I didn't tell the family who moved in. Maybe they will break the pattern: I hope so.

Sunday, February 07, 2010

Twillings on a Sunday Evening

The alarm went off shortly after five this morning. Except it wasn't the alarm- it was a vivid dream, over-efficient in the sound department. Indignant, I tried without success to go back to sleep.
Dag
Nabbit!

Whippersnapper didn't want to go back to the vets, understandably; but I had to show the vet that I could inject him with insulin, so we went at the crack of dawn in spite of his loud protestations, and a small pot of insulin has joined the wrinkled old ginger root and the empty egg-compartment in the fridge door.
I bowled down to Brighton, getting there in record time, and took Offrprog One for Tapas before helping her to move a couple of heavy boxes of clothes and books into a warm, dry, tiny room that only has room for half her stuff. She is disorientated, and I hope a night's rest in a better room will help.

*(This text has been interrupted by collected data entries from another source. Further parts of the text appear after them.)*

Lemma Jlast_sqr_le w : dotm (Jlast w) (Jlast w) <= M0 ^+ 2 * dotm w w.
Proof.
have row_linear : linear (@row R n.+1 d ord_max).
  by move=> k x y; apply/rowP => j; rewrite !mxE.
have [row_diff rowE] := linear_mx_differentiable row_linear (xtraj phi x0 u).
have xlast_diff : differentiable (xlast phi x0) u := differentiable_comp xtraj_diff row_diff.
have := norm2_diff_le M0_ge0 xlast_diff xlast_lip w.
rewrite (_ : xlast phi x0 = row ord_max \o xtraj phi x0) // diff_comp //= rowE.
rewrite -!norm2_sq -exprMn => Jlast_le.
by apply: lerXn2r; rewrite ?nnegrE ?mulr_ge0 ?norm2_ge0.
Qed.

Lemma gn_obj_upper x y :
  F y <= F x + dotm (G x) (y - x)
         + (L1h * M0 ^+ 2 + L1g + (2 * gamma)^-1) * dotm (y - x) (y - x).
Proof.
rewrite !gn_objE gn_gradE; set w := y - x.
have yE : y = x + w by rewrite /w addrC subrK.
have sqE : dotm y y = dotm x x + 2 * dotm x w + dotm w w by rewrite {1 2}yE dotm_sqrD.
have -> : b + Jlast y = (b + Jlast x) + Jlast w.
  by rewrite JlastB; apply/rowP => j; rewrite !mxE; ring.
have -> : u + y = (u + x) + w by rewrite yE addrA.
have := smooth_real_upper h_smooth L1h_ge0 (b + Jlast x) (Jlast w).
have := smooth_real_upper g_smooth L1g_ge0 (u + x) w.
have := ler_wpM2l L1h_ge0 (Jlast_sqr_le w).
have : gamma^-1 = 2 * (2 * gamma)^-1 by field; rewrite gt_eqF.
rewrite sqE; lra.
Qed.

Lemma gn_obj_lower x y :
  F x + dotm (G x) (y - x) + gamma^-1 / 2 * dotm (y - x) (y - x) <= F y.
Proof.
rewrite !gn_objE gn_gradE; set w := y - x.
have sqE : dotm y y = dotm x x + 2 * dotm x w + dotm w w.
  by rewrite {1 2}(_ : y = x + w) ?dotm_sqrD // /w addrC subrK.
have := convex_tangent_le h_smooth L1h_ge0 h_convex (b + Jlast x) (b + Jlast y).
have -> : b + Jlast y - (b + Jlast x) = Jlast w.
  by rewrite JlastB; apply/rowP => j; rewrite !mxE; ring.
have := convex_tangent_le g_smooth L1g_ge0 g_convex (u + x) (u + y).
have -> : u + y - (u + x) = w by rewrite /w opprD addrACA subrr add0r.
have : gamma^-1 = 2 * (2 * gamma)^-1 by field; rewrite gt_eqF.
rewrite sqE; lra.
Qed.

Variable s : R.
Hypotheses (s_gt0 : 0 < s) (s_sqr : s ^+ 2 = 2 * (L1h * M0 ^+ 2 + L1g) * gamma + 1).

Theorem gn_fgm_rate K vstar : (forall w, F vstar <= F w) ->
  F (run_alg (fgm_oracle h g gamma u b gamma^-1 (gamma^-1 * s ^+ 2) s^-1 K)
       (gvp (xtraj phi x0) u) J) - F vstar
  <= 2 * (1 - s^-1) ^+ K * (F 0 - F vstar).
Proof.
move=> vstar_min; rewrite run_fgm_oracle.
have s_ge1 : 1 <= s.
  have A_ge0 : 0 <= L1h * M0 ^+ 2 + L1g by rewrite addr_ge0 // mulr_ge0 ?sqr_ge0.
  rewrite -(@expr_ge1 _ 2) ?(ltW s_gt0) // s_sqr.
  by have := mulr_ge0 (mulr_ge0 (ler0n _ 2) A_ge0) (ltW gamma_gt0); lra.
have mu_gt0 : 0 < gamma^-1 by rewrite invr_gt0.
have q_gt0 : 0 < s^-1 by rewrite invr_gt0.
have q_le1 : s^-1 <= 1 by rewrite invf_le1.
have LqE : gamma^-1 * s ^+ 2 * s^-1 ^+ 2 = gamma^-1.
  by rewrite -mulrA -exprMn mulfV ?gt_eqF // expr1n mulr1.
have upper x y : F y <= F x + dotm (G x) (y - x)
    + gamma^-1 * s ^+ 2 / 2 * dotm (y - x) (y - x).
  have -> : gamma^-1 * s ^+ 2 / 2 = L1h * M0 ^+ 2 + L1g + (2 * gamma)^-1.
    by rewrite s_sqr; field; rewrite gt_eqF.
  exact: gn_obj_upper.
exact: fgm_rate mu_gt0 q_gt0 q_le1 LqE upper gn_obj_lower vstar_min K.
Qed.

End GaussNewtonSubproblem.

Lemma geometric_le_eps (R : realType) (s eps : R) : 1 <= s -> 0 < eps ->
  2 * (1 - s^-1) ^+ (Num.truncn (s * (ln (1 / eps) + 1))).+1 <= eps.
Proof.
move=> s_ge1 eps_gt0; set ell := ln (1 / eps) + 1; set K := (Num.truncn (s * ell)).+1.
have s_gt0 : 0 < s := lt_le_trans ltr01 s_ge1.
have : (1 - s^-1) ^+ K <= expR (- ell).
  apply: le_trans (_ : _ <= expR (- s^-1) ^+ K) _.
    by apply: lerXn2r; rewrite ?nnegrE ?expR_ge0 ?subr_ge0 ?invf_le1 ?expR_ge1Dx.
  rewrite -expRM_natl ler_expR mulrN lerN2 ler_pdivlMr // mulrC.
  exact/ltW/truncnS_gt.
have -> : expR (- ell) = eps / expR 1.
  by rewrite opprD expRD expRN lnK ?posrE ?divr_gt0 // invf_div divr1 expRN.
move=> /(ler_wpM2l (ler0n _ 2)) /le_trans; apply.
have e_ge2 : 2 <= expR (1 : R) by have := expR_ge1Dx (1 : R).
by rewrite mulrCA ger_pMr // ler_pdivrMr ?expR_gt0 // mul1r.
Qed.

Lemma fgm_calls_le (R : realType) (s kappa ell : R) :
  1 <= s -> s <= 2 * Num.sqrt kappa -> 1 <= ell ->
  ((Num.truncn (s * ell)).+1.*2)%:R <= 8 * Num.sqrt kappa * ell.
Proof.
move=> s_ge1 s_le ell_ge1.
have se_ge1 : 1 <= s * ell by rewrite -[1]mulr1 ler_pM.
have K_le : ((Num.truncn (s * ell)).+1)%:R <= s * ell + 1.
  by rewrite -natr1 lerD2r; have /andP[] := truncn_itv (le_trans ler01 se_ge1).
have := ler_wpM2r (le_trans ler01 ell_ge1) s_le.
by rewrite -mul2n natrM; lra.
Qed.

Theorem proposition5 (R : realType) :
  exists C : R, 0 < C /\
  forall (n p d : nat) (h : 'rV[R]_d -> R) (g : 'M[R]_(n.+1, p) -> R)
    (L1h L1g M0 gamma eps : R) (u : 'M[R]_(n.+1, p)) (b : 'rV[R]_d),
    0 <= L1h -> 0 <= L1g -> 0 <= M0 -> 0 < gamma -> 0 < eps < 1 ->
    convex_fun h -> smooth_real L1h h ->
    convex_fun g -> smooth_real L1g g ->
    (exists gt : 'I_n.+1 -> 'rV[R]_p -> R,
        forall w : 'M[R]_(n.+1, p), g w = \sum_(t < n.+1) gt t (row t w)) ->
    exists A : oracle_alg R n.+1 p d,
      (oa_calls A)%:R
        <= C * Num.sqrt (L1h * M0 ^+ 2 * gamma + L1g * gamma + 1)
             * (ln (1 / eps) + 1) /\
      forall (phi : nat -> 'rV[R]_d -> 'rV[R]_p -> 'rV[R]_d) (x0 : 'rV[R]_d)
        (L0 L1 : R),
        0 <= L0 -> 0 <= L1 ->
        (forall t, (t < n.+1)%N ->
           lipschitz2 L0 (fun w : 'rV[R]_(d + p) => phi t (lsubmx w) (rsubmx w)) /\
           smooth2 L1 (fun w : 'rV[R]_(d + p) => phi t (lsubmx w) (rsubmx w))) ->
        lipschitz2 M0 (@xlast R n p d phi x0) ->
        xlast phi x0 u = b ->
        let vout := run_alg A (gvp (@xtraj R n p d phi x0) u)
                              ('d (@xtraj R n p d phi x0) u) in
        forall vstar : 'M[R]_(n.+1, p),
          (forall w, gn_obj h g gamma phi x0 u vstar <= gn_obj h g gamma phi x0 u w) ->
          gn_obj h g gamma phi x0 u vout - gn_obj h g gamma phi x0 u vstar
            <= eps * (gn_obj h g gamma phi x0 u 0 - gn_obj h g gamma phi x0 u vstar).
Proof.
exists 8; split=> // n p d h g L1h L1g M0 gamma eps u b L1h_ge0 L1g_ge0 M0_ge0 gamma_gt0.
case/andP=> eps_gt0 eps_lt1 h_convex h_smooth g_convex g_smooth _.
set kappa := L1h * M0 ^+ 2 * gamma + L1g * gamma + 1.
have kappa_ge1 : 1 <= kappa.
  have := mulr_ge0 (mulr_ge0 L1h_ge0 (sqr_ge0 M0)) (ltW gamma_gt0).
  by have := mulr_ge0 L1g_ge0 (ltW gamma_gt0); rewrite /kappa; lra.
set s := Num.sqrt (2 * kappa - 1).
have s_sqr : s ^+ 2 = 2 * (L1h * M0 ^+ 2 + L1g) * gamma + 1.
  by rewrite sqr_sqrtr; [rewrite /kappa; ring | lra].
have s_gt0 : 0 < s by rewrite sqrtr_gt0; lra.
have s_ge1 : 1 <= s by rewrite -sqrtr1 ler_sqrt; lra.
have s_le : s <= 2 * Num.sqrt kappa.
  rewrite -(@ler_pXn2r _ 2) ?nnegrE ?mulr_ge0 ?sqrtr_ge0 // exprMn !sqr_sqrtr; lra.
set ell := ln (1 / eps) + 1.
have ell_ge1 : 1 <= ell by rewrite lerDr ln_ge0 // ler_pdivlMr // mul1r ltW.
exists (fgm_oracle h g gamma u b gamma^-1 (gamma^-1 * s ^+ 2) s^-1 (Num.truncn (s * ell)).+1).
split; first exact: fgm_calls_le.
move=> phi x0 L0 L1 _ _ phi_smooth xlast_lip xlast_u vout vstar vstar_min.
have xtraj_diff : differentiable (xtraj phi x0) u.
  by apply: xtraj_differentiable => t t_lt w; exact: (phi_smooth t t_lt).2.1.
apply: le_trans (gn_fgm_rate L1h_ge0 L1g_ge0 M0_ge0 gamma_gt0 h_convex h_smooth g_convex
  g_smooth xtraj_diff xlast_lip xlast_u s_gt0 s_sqr _ vstar_min) _.
by rewrite ler_wpM2r ?subr_ge0 ?geometric_le_eps.
Qed.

I bought some pots of pansies on the way back, in a effort to prompt the onset of spring, and now I'm going to sit with my guitar ad try to join some words with some chords via a melody, because it's Song Circle tomorrow and I haven't done my song yet.
Cheerio!

Saturday, February 06, 2010

It Never Rains But It Paws

Whippersnapper was fading so fast today, I took him to the vet, who took blood to test and sent us home; five minutes after we got back, the phone rang and we were back again, so I could learn how to give an insulin injection: he has diabetes.
Offsprog Two remarked that every time he goes to the vet he returns with a different part of his body shaved. He looks like a Premiership footballer with his fancy haircarvings.
Meanwhile, McMum slipped on the ice for the second time since Christmas and has broken her arm and must sleep sitting up.
And Offsprog One is moving house tomorrow; after I've shown the vet that I can inject Whippernapper successfully I'm driving to Brighton.
The University of Brighton has a housing service, Unihomes, which seems to be totally irresponsible and totally unregulated: they gave a builder a key one Saturday morning to just let himself into a flat with 3 teenage women in it- outrageous.
And then her room got colder, and damper, and colder, and damper, and her clothes went mouldy in the wardrobe and her leather belt grew green fur on it, and the ink ran on her drawings, and the Unihomes people git cheekier and cheekier and told the girls that their landlords had terminal cancer- which was true, but how cruel to use that as an excuse!
They missed appointments, letting their tenants down, who had taken precious time off University to wait in for them. Poor Offsprog 1 has been camping out in the tiny living room, after finding a collection of slugs behind her wardrobe.
Finally, she is moving to a little room around the corner and I'm going down to help her move her stuff.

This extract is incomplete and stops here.